骆文瑞看到他嘴角的笑容更是难受,樊墨抓着他的手往医院里走,边走边安抚他,“又不是第一次见了,难过什么呢?”
骆文瑞忽然甩开他的手,一把把人掰过来,瞪着他平静的眸子愤懑地喊,“你到底在做什么!这么多年,我看你莫名其妙受伤都有十多次了,怎么问你都不告诉我,你到底在干什么!”
樊墨看了他一会儿,竟又是笑了笑,淡淡回答,“我们家和你们不一样,不用我多说了吧?”
骆文瑞气愤道,“危险的事都是你做,享福的事都是那个杨元辰!凭什么!”
樊墨脸上的笑容一丝都没变,还是好脾气地说,“他是杨家的人啊,就算不是宗家的,毕竟也流着杨家的血,我不过就是个养子,替他做些事也是应该的。”
“养子怎么了!”骆文瑞愤然地大喊,“我家莫绝和骆一也是养子,我爸对他们好得很!”他心疼地看着那人受
着伤的胸膛,恨不得一巴掌把他打醒,“你那个养父根本就是把你当棋子!就是想让你替他们杨家卖命!你还这么死心塌地的,你傻不傻啊!”

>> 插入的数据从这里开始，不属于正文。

(* For every $m\ge3$, the $m$-candidate plurality rule (score vector $(1,0,\dots,0)$) is dominated by some other $m$-candidate positional rule; indeed it is dominated both by the anti-plurality rule (score vector $(1,\dots,1,0)$) and by Borda's rule (score vector $w_i=(m-i)/(m-1)$).
   Context: For an $m$-candidate positional rule with score vector $w=(w_1,\dots,w_m)$, $1=w_1\ge\cdots\ge w_m=0$, let $\bar w=\frac1m\sum_iw_i$, $\sigma_w^2=\frac1m\sum_iw_i^2-\bar w^2$, $M_w=\{(\lambda,\mu):0\le\lambda\le\mu,\ w_{i+1}\lambda+(1-w_i)\mu\le1,\ i=1,\dots,m-1\}$, and $V_w=\sup\{\lambda(\rho_1(Z)-\bar Z)+\mu(\bar Z-\rho_2(Z)):(\lambda,\mu)\in\sigma_w(\frac{m}{m-1})^{1/2}M_w\}\in[0,\infty]$, where $Z=(Z_1,\dots,Z_m)$ has independent standard normal entries, $\bar Z$ is their mean and $\rho_j(Z)$ the $j$-th largest entry. (Under Impartial Culture, $V_w$ is the limiting distribution of the minimum manipulating coalition size divided by $\sqrt n$.) Let $g_w(v)=\mathbb P(V_w\le v)$. A rule $w$ dominates a rule $w'$ if $g_w(v)\le g_{w'}(v)$ for all $v\ge0$. *)

From HB Require Import structures.
From mathcomp Require Import all_boot all_order all_algebra.
From mathcomp Require Import all_classical all_reals all_analysis.
Set Implicit Arguments. Unset Strict Implicit. Unset Printing Implicit Defensive.
Import Order.TTheory GRing.Theory Num.Theory.
Local Open Scope classical_set_scope.
Local Open Scope ring_scope.

Section Defs.
Variable R : realType.

(* A score vector w = (w_1,...,w_m) is encoded as w : 'I_m -> R with
   w i = w_{i+1}. *)
Definition positional_rule (m : nat) (w : 'I_m -> R) : Prop :=
  (0 < m)%N /\
  (forall i : 'I_m, val i = 0%N -> w i = 1) /\
  (forall i : 'I_m, val i = m.-1 -> w i = 0) /\
  (forall i j : 'I_m, (i <= j)%N -> w j <= w i).

Definition plurality (m : nat) : 'I_m -> R :=
  fun i => if val i == 0%N then 1 else 0.
Definition antiplurality (m : nat) : 'I_m -> R :=
  fun i => if val i == m.-1 then 0 else 1.
(* w_i = (m - i)/(m - 1), i.e. for index k = i - 1 : (m - 1 - k)/(m - 1). *)
Definition borda (m : nat) : 'I_m -> R :=
  fun i => (m.-1 - val i)%N%:R / (m.-1)%:R.

Definition wbar (m : nat) (w : 'I_m -> R) : R := (\sum_i w i) / m%:R.
Definition sigma2 (m : nat) (w : 'I_m -> R) : R :=
  (\sum_i w i ^+ 2) / m%:R - wbar w ^+ 2.
Definition sigmaw (m : nat) (w : 'I_m -> R) : R := Num.sqrt (sigma2 w).

Definition Mset (m : nat) (w : 'I_m -> R) : set (R * R) :=
  [set p | 0 <= p.1 /\ p.1 <= p.2 /\
     forall i : 'I_m, forall Hi : ((val i).+1 < m)%N,
       w (Ordinal Hi) * p.1 + (1 - w i) * p.2 <= 1].

Definition scaledM (m : nat) (w : 'I_m -> R) : set (R * R) :=
  let c := sigmaw w * Num.sqrt (m%:R / (m.-1)%:R) in
  [set p | exists2 q, Mset w q & p = (c * q.1, c * q.2)].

樊墨仍是一如既往的平淡神情,他笑着揉了下骆文瑞的脑袋,轻声道,“我们家比你们复杂,爸爸不是你想的那种人,而且我也没受什么委屈,他们对我挺好的。”
“好个屁!你当我跟杨远修一样瞎吗!你……”
樊墨忽然伸手捏住他的两片嘴唇,凑到他眼前眨了眨眼睛,“好啦,别气了,我真没事,这种伤我受惯了,没什么大不了的。”
“唔唔唔!!唔哇唔嗯!”
“呵呵,你安静点我就放开你。”
“唔嗯唔唔唔唔!!!”
樊墨笑了笑,松开手,骆文瑞刚要开骂,对方忽然朝他嘘了一声,就看到林陌和骆文轩朝他们走过来,憋得骆文瑞一口唾沫星子差点噎着自己。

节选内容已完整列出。